* _About this exercise_:
Set all the entries down again, unaltered.

* _Provided entries_:

(* Let $b\ge 2$ be an integer and $p\ge 5$ a prime. Then every extra-special $p$-group $G$ of order $p^{4b+1}$ admits a diagonal double Kodaira structure of non-strong type $(b,\,p)$.
   Context: Notation: $[x,y]=xyx^{-1}y^{-1}$; $o(x)$ is the order of $x$. Definition (diagonal double Kodaira structure). Let $G$ be a finite group and $b,n\ge 2$ integers. A diagonal double Kodaira structure of type $(b,n)$ on $G$ is a set of $4b+1$ elements $\mathsf{r}_{11},\mathsf{t}_{11},\dots,\mathsf{r}_{1b},\mathsf{t}_{1b},\mathsf{r}_{21},\mathsf{t}_{21},\dots,\mathsf{r}_{2b},\mathsf{t}_{2b},\mathsf{z}$ which generate $G$, with $o(\mathsf{z})=n$, satisfying the following relations for all $j,k\in\{1,\dots,b\}$: (Surface relations) $[\mathsf{r}_{1b}^{-1},\mathsf{t}_{1b}^{-1}]\,\mathsf{t}_{1b}^{-1}\,[\mathsf{r}_{1,b-1}^{-1},\mathsf{t}_{1,b-1}^{-1}]\,\mathsf{t}_{1,b-1}^{-1}\cdots[\mathsf{r}_{11}^{-1},\mathsf{t}_{11}^{-1}]\,\mathsf{t}_{11}^{-1}\,(\mathsf{t}_{11}\mathsf{t}_{12}\cdots\mathsf{t}_{1b})=\mathsf{z}$, $[\mathsf{r}_{21}^{-1},\mathsf{t}_{21}]\,\mathsf{t}_{21}\,[\mathsf{r}_{22}^{-1},\mathsf{t}_{22}]\,\mathsf{t}_{22}\cdots[\mathsf{r}_{2b}^{-1},\mathsf{t}_{2b}]\,\mathsf{t}_{2b}\,(\mathsf{t}_{2b}^{-1}\mathsf{t}_{2,b-1}^{-1}\cdots\mathsf{t}_{21}^{-1})=\mathsf{z}^{-1}$. (Action of $\mathsf{r}_{1j}$) $[\mathsf{r}_{1j},\mathsf{r}_{2k}]=1$ if $j<k$; $[\mathsf{r}_{1j},\mathsf{r}_{2j}]=1$; $[\mathsf{r}_{1j},\mathsf{r}_{2k}]=\mathsf{z}^{-1}\mathsf{r}_{2k}\mathsf{r}_{2j}^{-1}\mathsf{z}\mathsf{r}_{2j}\mathsf{r}_{2k}^{-1}$ if $j>k$; $[\mathsf{r}_{1j},\mathsf{t}_{2k}]=1$ if $j<k$; $[\mathsf{r}_{1j},\mathsf{t}_{2j}]=\mathsf{z}^{-1}$; $[\mathsf{r}_{1j},\mathsf{t}_{2k}]=[\mathsf{z}^{-1},\mathsf{t}_{2k}]$ if $j>k$; $[\mathsf{r}_{1j},\mathsf{z}]=[\mathsf{r}_{2j}^{-1},\mathsf{z}]$. (Action of $\mathsf{t}_{1j}$) $[\mathsf{t}_{1j},\mathsf{r}_{2k}]=1$ if $j<k$; $[\mathsf{t}_{1j},\mathsf{r}_{2j}]=\mathsf{t}_{2j}^{-1}\mathsf{z}\mathsf{t}_{2j}$; $[\mathsf{t}_{1j},\mathsf{r}_{2k}]=[\mathsf{t}_{2j}^{-1},\mathsf{z}]$ if $j>k$; $[\mathsf{t}_{1j},\mathsf{t}_{2k}]=1$ if $j<k$; $[\mathsf{t}_{1j},\mathsf{t}_{2j}]=[\mathsf{t}_{2j}^{-1},\mathsf{z}]$; $[\mathsf{t}_{1j},\mathsf{t}_{2k}]=\mathsf{t}_{2j}^{-1}\mathsf{z}\mathsf{t}_{2j}\mathsf{z}^{-1}\mathsf{t}_{2k}\mathsf{z}\mathsf{t}_{2j}^{-1}\mathsf{z}^{-1}\mathsf{t}_{2j}\mathsf{t}_{2k}^{-1}$ if $j>k$; $[\mathsf{t}_{1j},\mathsf{z}]=[\mathsf{t}_{2j}^{-1},\mathsf{z}]$. Such a structure is of strong type $(b,n)$ if both $K_1:=\langle \mathsf{r}_{11},\mathsf{t}_{11},\dots,\mathsf{r}_{1b},\mathsf{t}_{1b},\mathsf{z}\rangle$ and $K_2:=\langle \mathsf{r}_{21},\mathsf{t}_{21},\dots,\mathsf{r}_{2b},\mathsf{t}_{2b},\mathsf{z}\rangle$ equal $G$, and of non-strong type otherwise. Definition. For a prime $p$, a finite $p$-group $G$ is extra-special if its center $Z(G)$ is cyclic of order $p$ and $G/Z(G)$ is a non-trivial elementary abelian $p$-group. *)

From HB Require Import structures.
From mathcomp Require Import all_boot all_fingroup all_solvable.
Set Implicit Arguments. Unset Strict Implicit. Unset Printing Implicit Defensive.
Import GroupScope.

(* Paper's commutator convention: [x,y] = x y x^-1 y^-1
   (differs from mathcomp's [~ x, y] = x^-1 y^-1 x y). *)
Definition pcomm (gT : finGroupType) (x y : gT) : gT := x * y * x^-1 * y^-1.

Definition extra_special (p : nat) (gT : finGroupType) (G : {group gT}) : bool :=
  [&& prime p, p.-group G, cyclic 'Z(G), #|'Z(G)| == p,
      p.-abelem (G / 'Z(G)) & G / 'Z(G) != 1].

(* Generators r_{ij}, t_{ij} are given as functions nat -> gT, only the
   indices j in {1..b} being relevant. *)
Definition K1set (gT : finGroupType) (b : nat) (r1 t1 : nat -> gT) (z : gT)
  : {set gT} :=
  z |: [set x | [exists j : 'I_b, (x == r1 j.+1) || (x == t1 j.+1)]].

Definition K2set := K1set.
(* Every welded knot diagram can be transformed into a diagram of the trivial knot by a finite sequence of diagonal moves (together with classical and welded Reidemeister moves).
   Context: A welded knot diagram is a knot diagram that may have welded (virtual) crossings as well as classical crossings; welded knots are equivalence classes of welded knot diagrams under the three classical Reidemeister moves and the welded Reidemeister moves (the virtual Reidemeister moves together with the over-forbidden-type move allowing a strand passing over to slide past a welded crossing). A diagonal move (D-move) is a local move on a diagram defined as follows. Consider a disk in which the diagram consists of four arcs $a,b,c,d$ arranged in a ''$\#$'' pattern: $a$ and $c$ do not meet each other, $b$ and $d$ do not meet each other, and each of $a,c$ crosses each of $b,d$ exactly once in a classical crossing, giving four crossings labelled $1,2,3,4$ in cyclic order around the central square. The pairs $\{1,3\}$ and $\{2,4\}$ are the diagonal crossing pairs. A diagonal move changes the over/under information at both crossings of one diagonal pair and leaves the rest of the diagram unchanged; it is allowed for every choice of orientations of the arcs. *)

(* Welded knot diagrams are encoded by their
   Gauss codes (Gauss diagrams). *)
From mathcomp Require Import all_boot.
From Stdlib Require Import Relations.
Set Implicit Arguments. Unset Strict Implicit. Unset Printing Implicit Defensive.

(* A letter of a Gauss code: (crossing label, over? , positive sign?) *)
Definition letter := (nat * bool * bool)%type.
Definition lab (x : letter) : nat := x.1.1.
Definition ov (x : letter) : bool := x.1.2.
Definition sg (x : letter) : bool := x.2.
Definition partner (x : letter) : letter := (lab x, ~~ ov x, sg x).

(* A (based) Gauss code of a one-component diagram, read along the knot. *)
Definition code := seq letter.

(* Well-formed Gauss code = welded knot diagram: every classical crossing is
   met exactly twice, once as over- and once as under-crossing, with one sign. *)
Definition wf_code (w : code) : bool :=
  uniq w && all (fun x => (partner x \in w) &&
                          (count (fun y => lab y == lab x) w == 2)) w.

* _Final answer_:
(* Let $b\ge 2$ be an integer and $p\ge 5$ a prime. Then every extra-special $p$-group $G$ of order $p^{4b+1}$ admits a diagonal double Kodaira structure of non-strong type $(b,\,p)$.
   Context: Notation: $[x,y]=xyx^{-1}y^{-1}$; $o(x)$ is the order of $x$. Definition (diagonal double Kodaira structure). Let $G$ be a finite group and $b,n\ge 2$ integers. A diagonal double Kodaira structure of type $(b,n)$ on $G$ is a set of $4b+1$ elements $\mathsf{r}_{11},\mathsf{t}_{11},\dots,\mathsf{r}_{1b},\mathsf{t}_{1b},\mathsf{r}_{21},\mathsf{t}_{21},\dots,\mathsf{r}_{2b},\mathsf{t}_{2b},\mathsf{z}$ which generate $G$, with $o(\mathsf{z})=n$, satisfying the following relations for all $j,k\in\{1,\dots,b\}$: (Surface relations) $[\mathsf{r}_{1b}^{-1},\mathsf{t}_{1b}^{-1}]\,\mathsf{t}_{1b}^{-1}\,[\mathsf{r}_{1,b-1}^{-1},\mathsf{t}_{1,b-1}^{-1}]\,\mathsf{t}_{1,b-1}^{-1}\cdots[\mathsf{r}_{11}^{-1},\mathsf{t}_{11}^{-1}]\,\mathsf{t}_{11}^{-1}\,(\mathsf{t}_{11}\mathsf{t}_{12}\cdots\mathsf{t}_{1b})=\mathsf{z}$, $[\mathsf{r}_{21}^{-1},\mathsf{t}_{21}]\,\mathsf{t}_{21}\,[\mathsf{r}_{22}^{-1},\mathsf{t}_{22}]\,\mathsf{t}_{22}\cdots[\mathsf{r}_{2b}^{-1},\mathsf{t}_{2b}]\,\mathsf{t}_{2b}\,(\mathsf{t}_{2b}^{-1}\mathsf{t}_{2,b-1}^{-1}\cdots\mathsf{t}_{21}^{-1})=\mathsf{z}^{-1}$. (Action of $\mathsf{r}_{1j}$) $[\mathsf{r}_{1j},\mathsf{r}_{2k}]=1$ if $j<k$; $[\mathsf{r}_{1j},\mathsf{r}_{2j}]=1$; $[\mathsf{r}_{1j},\mathsf{r}_{2k}]=\mathsf{z}^{-1}\mathsf{r}_{2k}\mathsf{r}_{2j}^{-1}\mathsf{z}\mathsf{r}_{2j}\mathsf{r}_{2k}^{-1}$ if $j>k$; $[\mathsf{r}_{1j},\mathsf{t}_{2k}]=1$ if $j<k$; $[\mathsf{r}_{1j},\mathsf{t}_{2j}]=\mathsf{z}^{-1}$; $[\mathsf{r}_{1j},\mathsf{t}_{2k}]=[\mathsf{z}^{-1},\mathsf{t}_{2k}]$ if $j>k$; $[\mathsf{r}_{1j},\mathsf{z}]=[\mathsf{r}_{2j}^{-1},\mathsf{z}]$. (Action of $\mathsf{t}_{1j}$) $[\mathsf{t}_{1j},\mathsf{r}_{2k}]=1$ if $j<k$; $[\mathsf{t}_{1j},\mathsf{r}_{2j}]=\mathsf{t}_{2j}^{-1}\mathsf{z}\mathsf{t}_{2j}$; $[\mathsf{t}_{1j},\mathsf{r}_{2k}]=[\mathsf{t}_{2j}^{-1},\mathsf{z}]$ if $j>k$; $[\mathsf{t}_{1j},\mathsf{t}_{2k}]=1$ if $j<k$; $[\mathsf{t}_{1j},\mathsf{t}_{2j}]=[\mathsf{t}_{2j}^{-1},\mathsf{z}]$; $[\mathsf{t}_{1j},\mathsf{t}_{2k}]=\mathsf{t}_{2j}^{-1}\mathsf{z}\mathsf{t}_{2j}\mathsf{z}^{-1}\mathsf{t}_{2k}\mathsf{z}\mathsf{t}_{2j}^{-1}\mathsf{z}^{-1}\mathsf{t}_{2j}\mathsf{t}_{2k}^{-1}$ if $j>k$; $[\mathsf{t}_{1j},\mathsf{z}]=[\mathsf{t}_{2j}^{-1},\mathsf{z}]$. Such a structure is of strong type $(b,n)$ if both $K_1:=\langle \mathsf{r}_{11},\mathsf{t}_{11},\dots,\mathsf{r}_{1b},\mathsf{t}_{1b},\mathsf{z}\rangle$ and $K_2:=\langle \mathsf{r}_{21},\mathsf{t}_{21},\dots,\mathsf{r}_{2b},\mathsf{t}_{2b},\mathsf{z}\rangle$ equal $G$, and of non-strong type otherwise. Definition. For a prime $p$, a finite $p$-group $G$ is extra-special if its center $Z(G)$ is cyclic of order $p$ and $G/Z(G)$ is a non-trivial elementary abelian $p$-group. *)

From HB Require Import structures.
From mathcomp Require Import all_boot all_fingroup all_solvable.
Set Implicit Arguments. Unset Strict Implicit. Unset Printing Implicit Defensive.
Import GroupScope.

(* Paper's commutator convention: [x,y] = x y x^-1 y^-1
   (differs from mathcomp's [~ x, y] = x^-1 y^-1 x y). *)
Definition pcomm (gT : finGroupType) (x y : gT) : gT := x * y * x^-1 * y^-1.

Definition extra_special (p : nat) (gT : finGroupType) (G : {group gT}) : bool :=
  [&& prime p, p.-group G, cyclic 'Z(G), #|'Z(G)| == p,
      p.-abelem (G / 'Z(G)) & G / 'Z(G) != 1].

(* Generators r_{ij}, t_{ij} are given as functions nat -> gT, only the
   indices j in {1..b} being relevant. *)
Definition K1set (gT : finGroupType) (b : nat) (r1 t1 : nat -> gT) (z : gT)
  : {set gT} :=
  z |: [set x | [exists j : 'I_b, (x == r1 j.+1) || (x == t1 j.+1)]].

Definition K2set := K1set.
(* Every welded knot diagram can be transformed into a diagram of the trivial knot by a finite sequence of diagonal moves (together with classical and welded Reidemeister moves).
   Context: A welded knot diagram is a knot diagram that may have welded (virtual) crossings as well as classical crossings; welded knots are equivalence classes of welded knot diagrams under the three classical Reidemeister moves and the welded Reidemeister moves (the virtual Reidemeister moves together with the over-forbidden-type move allowing a strand passing over to slide past a welded crossing). A diagonal move (D-move) is a local move on a diagram defined as follows. Consider a disk in which the diagram consists of four arcs $a,b,c,d$ arranged in a ''$\#$'' pattern: $a$ and $c$ do not meet each other, $b$ and $d$ do not meet each other, and each of $a,c$ crosses each of $b,d$ exactly once in a classical crossing, giving four crossings labelled $1,2,3,4$ in cyclic order around the central square. The pairs $\{1,3\}$ and $\{2,4\}$ are the diagonal crossing pairs. A diagonal move changes the over/under information at both crossings of one diagonal pair and leaves the rest of the diagram unchanged; it is allowed for every choice of orientations of the arcs. *)

(* Welded knot diagrams are encoded by their
   Gauss codes (Gauss diagrams). *)
From mathcomp Require Import all_boot.
From Stdlib Require Import Relations.
Set Implicit Arguments. Unset Strict Implicit. Unset Printing Implicit Defensive.

(* A letter of a Gauss code: (crossing label, over? , positive sign?) *)
Definition letter := (nat * bool * bool)%type.
Definition lab (x : letter) : nat := x.1.1.
Definition ov (x : letter) : bool := x.1.2.
Definition sg (x : letter) : bool := x.2.
Definition partner (x : letter) : letter := (lab x, ~~ ov x, sg x).

(* A (based) Gauss code of a one-component diagram, read along the knot. *)
Definition code := seq letter.

(* Well-formed Gauss code = welded knot diagram: every classical crossing is
   met exactly twice, once as over- and once as under-crossing, with one sign. *)
Definition wf_code (w : code) : bool :=
  uniq w && all (fun x => (partner x \in w) &&
                          (count (fun y => lab y == lab x) w == 2)) w.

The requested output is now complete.